Because Listing 19-12 is a prime candidate for a lock-free solution, you can replace the type of tin_cans_available with atomic_int and remove the mutex. This prevents race conditions like the one illustrated in Table 19-1. Listing 19-13 implements this refactor.

#include <future>
#include <iostream>
#include <atomic>

using namespace std;

void goat_rodeo() {
  const size_t iterations{ 1'000'000 };
  atomic_int➊ tin_cans_available{};
  auto eat_cans = async(launch::async, [&] {
    for(size_t i{}; i<iterations; i++)
      tin_cans_available--; ➋
  });
  auto deposit_cans = async(launch::async, [&] {
    for(size_t i{}; i<iterations; i++)
      tin_cans_available++; ➌
  });
  eat_cans.get();
  deposit_cans.get();
  cout << "Tin cans: " << tin_cans_available << "
";
}

int main() {
  goat_rodeo();
  goat_rodeo();
  goat_rodeo();
}
-----------------------------------------------------------------------
Tin cans: 0
Tin cans: 0
Tin cans: 0

Listing 19-13: Resolving the race condition using atomic_int rather than mutex

You replace int with atomic_int ➊ and remove the mutex. Because the decrement ➋ and increment ➌ operators are atomic, the race condition remains solved.

NOTE

For more information about atomics, refer to [atomics].

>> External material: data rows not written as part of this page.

Lemma irreducible_set_fill (S T : seq nat) : irreducible_set E S ->
  {in T, forall t, has (fun s => s <= t) S && has (fun s => t <= s) S} ->
  irreducible_set E (S ++ T).
Proof.
move=> irrS inside u; rewrite !has_cat.
have lower : has (fun t => t <= u) T -> has (fun s => s <= u) S.
  case/hasP=> t /inside /andP [/hasP [s s_in s_le] _] t_le.
  by apply/hasP; exists s => //; apply: leq_trans t_le.
have upper : has (fun t => u < t) T -> has (fun w => u < w) S.
  case/hasP=> t /inside /andP [_ /hasP [s s_in s_ge]] t_gt.
  by apply/hasP; exists s => //; apply: leq_trans s_ge.
move=> /orP [|/lower] le_u /orP [|/upper] lt_u;
  have [x [y [x_in y_in x_le lt_y Exy]]] := irrS u le_u lt_u;
  by exists x, y; rewrite !mem_cat x_in y_in.
Qed.

Lemma irreducible_set_cat (S T : seq nat) (z : nat) : z \in S -> z \in T ->
  irreducible_set E S -> irreducible_set E T -> irreducible_set E (S ++ T).
Proof.
move=> zS zT irrS irrT u; rewrite !has_cat => le_u lt_u.
have [/andP [leS ltS] | notS] := boolP (has (fun s => s <= u) S && has (fun w => u < w) S).
  have [x [y [x_in y_in x_le lt_y Exy]]] := irrS u leS ltS.
  by exists x, y; rewrite !mem_cat x_in y_in.
have [/andP [leT ltT] | notT] := boolP (has (fun s => s <= u) T && has (fun w => u < w) T).
  have [x [y [x_in y_in x_le lt_y Exy]]] := irrT u leT ltT.
  by exists x, y; rewrite !mem_cat x_in y_in !orbT.
have [z_le | z_gt] := leqP z u.
  have leS : has (fun s => s <= u) S by apply/hasP; exists z.
  have leT : has (fun s => s <= u) T by apply/hasP; exists z.
  by move: notS notT lt_u; rewrite leS leT /= => /negbTE -> /negbTE ->.
have gtS : has (fun w => u < w) S by apply/hasP; exists z.
have gtT : has (fun w => u < w) T by apply/hasP; exists z.
by move: notS notT le_u; rewrite gtS gtT !andbT => /negbTE -> /negbTE ->.
Qed.

Lemma irreducible_set_crossed (P : seq nat) : sorted ltn P ->
  irreducible_set E P -> forall q, 0 < q < size P -> crossed E P q.
Proof.
move=> P_sorted irrP q /andP [q_gt0 q_lt].
have q'_lt : q.-1 < size P by lia.
set u := nth 0 P q.-1.
have le_u : has (fun s => s <= u) P by apply/hasP; exists u; rewrite ?mem_nth.
have lt_u : has (fun w => u < w) P.
  apply/hasP; exists (nth 0 P q); first exact: mem_nth.
  by apply: (sorted_ltn_nth ltn_trans) => //; lia.
have [x [y [x_in y_in x_le lt_y Exy]]] := irrP u le_u lt_u.
move: x_le lt_y; rewrite -(nth_index 0 x_in) -(nth_index 0 y_in) /u.
rewrite ltnNge !ltn_sorted_leq_nth ?index_mem // => x_le y_gt.
by exists (index x P), (index y P); rewrite !nth_index ?index_mem //; split => //; lia.
Qed.

End IrreducibleSets.

Section Crossings.

Variable E : rel nat.

Lemma crossed_catl (P Q : seq nat) (p : nat) : crossed E P p -> crossed E (P ++ Q) p.
Proof.
move=> [i [j [i_lt j_ge j_lt Eij]]]; exists i, j.
by rewrite size_cat !nth_cat j_lt (ltn_trans _ j_lt) 1?(leq_trans i_lt) //; split => //; lia.
Qed.

Lemma crossed_catr (P Q : seq nat) (p : nat) :
  crossed E Q p -> crossed E (P ++ Q) (size P + p).
Proof.
move=> [i [j [i_lt j_ge j_lt Eij]]]; exists (size P + i), (size P + j).
by rewrite size_cat !nth_cat !ltnNge !leq_addr /= !addKn; split => //; lia.
Qed.

Lemma crossed_cat_inv (P Q : seq nat) (p : nat) :
  {in P & Q, forall x y, ~~ E x y} -> size P <= p ->
  crossed E (P ++ Q) p -> crossed E Q (p - size P).
Proof.
move=> sep p_ge [i [j [i_lt j_ge j_lt]]]; rewrite size_cat in j_lt.
have j_ge' : size P <= j by lia.
rewrite !nth_cat (ltnNge j) j_ge' /=.
have [i_ltP | i_geP] := ltnP i (size P).
  have j_ltQ : j - size P < size Q by lia.
  by rewrite (negbTE (sep _ _ (mem_nth 0 i_ltP) (mem_nth 0 j_ltQ))).
by move=> Eij; exists (i - size P), (j - size P); split => //; lia.
Qed.

Lemma crossed0 (Q : seq nat) : ~ crossed E Q 0.
Proof. by move=> [i [j []]]. Qed.

End Crossings.

(* A growth step keeps these bounds on the hull [lo, hi] because edges are
   shorter than [l]. *)
Definition anchored_piece (E : rel nat) (l p : nat) (S : seq nat) (lo hi : nat) : Prop :=
  [/\ uniq S, irreducible_set E S, lo \in S, hi \in S &
      [/\ {in S, forall z, lo <= z <= hi}, lo <= p <= hi, p < lo + l &
          hi.+1 < p + size S + l]].

Section Pieces.

Variables (E : rel nat) (l : nat).
Hypothesis short : l_empty l E.

Lemma anchored_piece_fill (p : nat) (S : seq nat) (lo hi z : nat) :
  anchored_piece E l p S lo hi -> lo <= z <= hi -> z \notin S ->
  anchored_piece E l p (z :: S) lo hi.
Proof.
move=> [S_uniq irrS lo_in hi_in [S_hull p_in p_lt hi_lt]] z_in z_notin.
split; rewrite /= ?z_notin ?inE ?lo_in ?hi_in ?orbT //.
  apply: (@eq_irreducible_set _ (S ++ [:: z])) => [w|]; first by rewrite mem_cat inE orbC.
  by apply: irreducible_set_fill => // _ /[!inE] /eqP ->; apply/andP; split; apply/hasP;
    [exists lo | exists hi] => //; lia.
by split => [w /[!inE] /orP [/eqP -> | /S_hull] | | |]; lia.
Qed.

Lemma anchored_piece_extend (p : nat) (S : seq nat) (lo hi x y : nat) :
  anchored_piece E l p S lo hi -> hi < lo + size S ->
  x \in S -> hi < y -> E x y -> anchored_piece E l p (y :: S) lo y.
Proof.
move=> [S_uniq irrS lo_in hi_in [S_hull p_in p_lt hi_lt]] hi_gapless x_in y_gt Exy.
have x_le := S_hull x x_in.
have xy_short := short Exy ltac:(lia).
have y_notin : y \notin S by apply/negP => /S_hull; lia.
split; rewrite /= ?y_notin ?inE ?lo_in ?eqxx ?orbT //.
  apply: (@eq_irreducible_set _ ([:: x; y] ++ S)) => [w|].
    by rewrite mem_cat !inE; case: eqP => [-> | _]; rewrite ?x_in ?orbT.
  apply: (irreducible_set_cat (z := x)) (mem_head _ _) x_in _ irrS.
  by apply: irreducible_set_edge; lia.
by split => [w /[!inE] /orP [/eqP -> | /S_hull] | | |]; lia.
Qed.

Lemma anchored_piece_replace (p : nat) (S : seq nat) (lo hi x y : nat) :
  anchored_piece E l p S lo hi -> x < lo -> hi < y -> E x y ->
  anchored_piece E l p [:: x, y & rem lo S] x y.
Proof.
move=> [S_uniq irrS lo_in hi_in [S_hull p_in p_lt hi_lt]] x_lt y_gt Exy.
have xy_short := short Exy ltac:(lia).
have rem_sub : {subset rem lo S <= S} by move=> w /mem_rem.
split.
- rewrite /= rem_uniq // andbT inE negb_or -andbA; apply/and3P; split.
  + by apply/eqP; lia.
  + by apply/negP => /rem_sub /S_hull; lia.
  + by apply/negP => /rem_sub /S_hull; lia.
- apply: (@irreducible_set_fill _ [:: x; y]) => [|w /rem_sub /S_hull w_in].
    by apply: irreducible_set_edge; lia.
  by apply/andP; split; apply/hasP; [exists x | exists y]; rewrite ?inE ?eqxx ?orbT //; lia.
- exact: mem_head.
- by rewrite !inE eqxx orbT.
- have /= size_S := perm_size (perm_to_rem lo_in).
  by split => [w /[!inE] /or3P [/eqP -> | /eqP -> | /rem_sub /S_hull] | | |]; lia.
Qed.

Lemma anchored_piece_grow (p : nat) (S : seq nat) (lo hi x y : nat) :
  anchored_piece E l p S lo hi -> x <= hi < y -> E x y ->
  exists S' lo' hi', anchored_piece E l p S' lo' hi' /\ size S' = (size S).+1.
Proof.
move=> pieceS /andP [x_le y_gt] Exy.
have [S_uniq _ lo_in hi_in [S_hull p_in _ _]] := pieceS.
have [/hasP [z z_in z_notin] | no_gap] := boolP (has (fun z => z \notin S) (iota lo (hi - lo))).
  exists (z :: S), lo, hi; split => //.
  by apply: anchored_piece_fill pieceS _ z_notin; move: z_in; rewrite mem_iota; lia.
have hull_in : {in iota lo (hi - lo).+1, forall z, z \in S}.
  move=> z; rewrite mem_iota => z_in; apply: contraNT no_gap => z_notin.
  have [z_hi | z_lt_hi] := eqVneq z hi; first by rewrite z_hi hi_in in z_notin.
  by apply/hasP; exists z; rewrite ?mem_iota //; lia.
have hull_size : (hi - lo).+1 <= size S.
  by rewrite -(size_iota lo (hi - lo).+1) uniq_leq_size ?iota_uniq.
have [lo_le_x | x_lt_lo] := leqP lo x.
  exists (y :: S), lo, y; split => //.
  by apply: anchored_piece_extend pieceS _ (hull_in _ _) y_gt Exy; rewrite ?mem_iota; lia.
exists [:: x, y & rem lo S], x, y; split; first exact: anchored_piece_replace pieceS x_lt_lo y_gt Exy.
by rewrite /= (perm_size (perm_to_rem lo_in)).
Qed.
Variables (a0 M : nat).
Hypothesis block_irr : irreducible_set E (iota a0 M).

Lemma anchored_piece_exists (p a : nat) : a0 <= p -> p + 2 * l <= a0 + M ->
  0 < a <= l -> exists S lo hi, anchored_piece E l p S lo hi /\ size S = a.
Proof.
move=> p_ge p_le; elim: a => [//|a IH] a_le.
have [a0_eq | a_gt0] := posnP a.
  exists [:: p], p, p; rewrite a0_eq; split => //.
  split; rewrite ?inE ?eqxx //; first exact: irreducible_set1.
  by split => /= [w /[!inE] /eqP -> | | |]; lia.
have [S [lo [hi [pieceS sizeS]]]] := IH ltac:(lia).
have [_ _ _ _ [_ p_in _ hi_lt]] := pieceS.
have le_hi : has (fun s => s <= hi) (iota a0 M) by apply/hasP; exists a0; rewrite ?mem_iota; lia.
have gt_hi : has (fun w => hi < w) (iota a0 M).
  by apply/hasP; exists hi.+1; rewrite ?mem_iota; lia.
have [x [y [_ _ x_le y_gt Exy]]] := block_irr le_hi gt_hi.
rewrite -sizeS; apply: anchored_piece_grow pieceS _ Exy; lia.
Qed.

Lemma sorted_piece_exists (lb a : nat) : a0 <= lb -> lb + 3 * l <= a0 + M ->
  0 < a <= l -> exists P, [/\ sorted ltn P, size P = a,
    {in P, forall x, lb < x < lb + 3 * l} & forall q, 0 < q < a -> crossed E P q].
Proof.
move=> lb_ge lb_le a_range.
have [S [lo [hi [[S_uniq irrS _ _ [S_hull _ p_lt hi_lt]] sizeS]]]] :=
  anchored_piece_exists (p := lb + l) (leq_trans lb_ge (leq_addr _ _)) ltac:(lia) a_range.
have P_sorted : sorted ltn (sort leq S).
  by rewrite ltn_sorted_uniq_leq sort_uniq S_uniq (sort_sorted leq_total).
exists (sort leq S); split => //.
- by rewrite size_sort.
- by move=> x; rewrite mem_sort => /S_hull; lia.
- move=> q; rewrite -sizeS -(size_sort leq); apply: irreducible_set_crossed => //.
  by apply: eq_irreducible_set irrS => z; rewrite mem_sort.
Qed.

You also probably noticed a considerable performance boost from Listing 19-12 to 19-13. In general, using atomic operations will be much faster than acquiring a mutex.

WARNING

Unless you have a very simple concurrent access problem, such as the one in this section, you really shouldn’t try to implement lock-free solutions on your own. Refer to the Boost Lockfree library for high-quality, thoroughly tested lock-free containers. As always, you must decide whether a lock-based or lock-free implementation is optimal.

Condition Variables

A condition variable is a synchronization primitive that blocks one or more threads until notified. Another thread can notify the condition variable. After notification, the condition variable can unblock one or more threads so they can make progress. A very popular condition variable pattern involves a thread performing the following actions:

Acquire some mutex shared with awaiting threads.
Modify the shared state.
Notify the condition variable.
Release the mutex.

Any threads waiting on the condition variable then perform the following actions:

Acquire the mutex.
Wait on the condition variable (this releases the mutex).
When another thread notifies the condition variable, this thread wakes up and can perform some work (this reacquires the mutex automatically).
Release the mutex.

Due to complications arising from the complexity of modern operating systems, sometimes threads can wake up spuriously. Therefore, it’s important to verify that a condition variable was in fact signaled once a waiting thread awakens.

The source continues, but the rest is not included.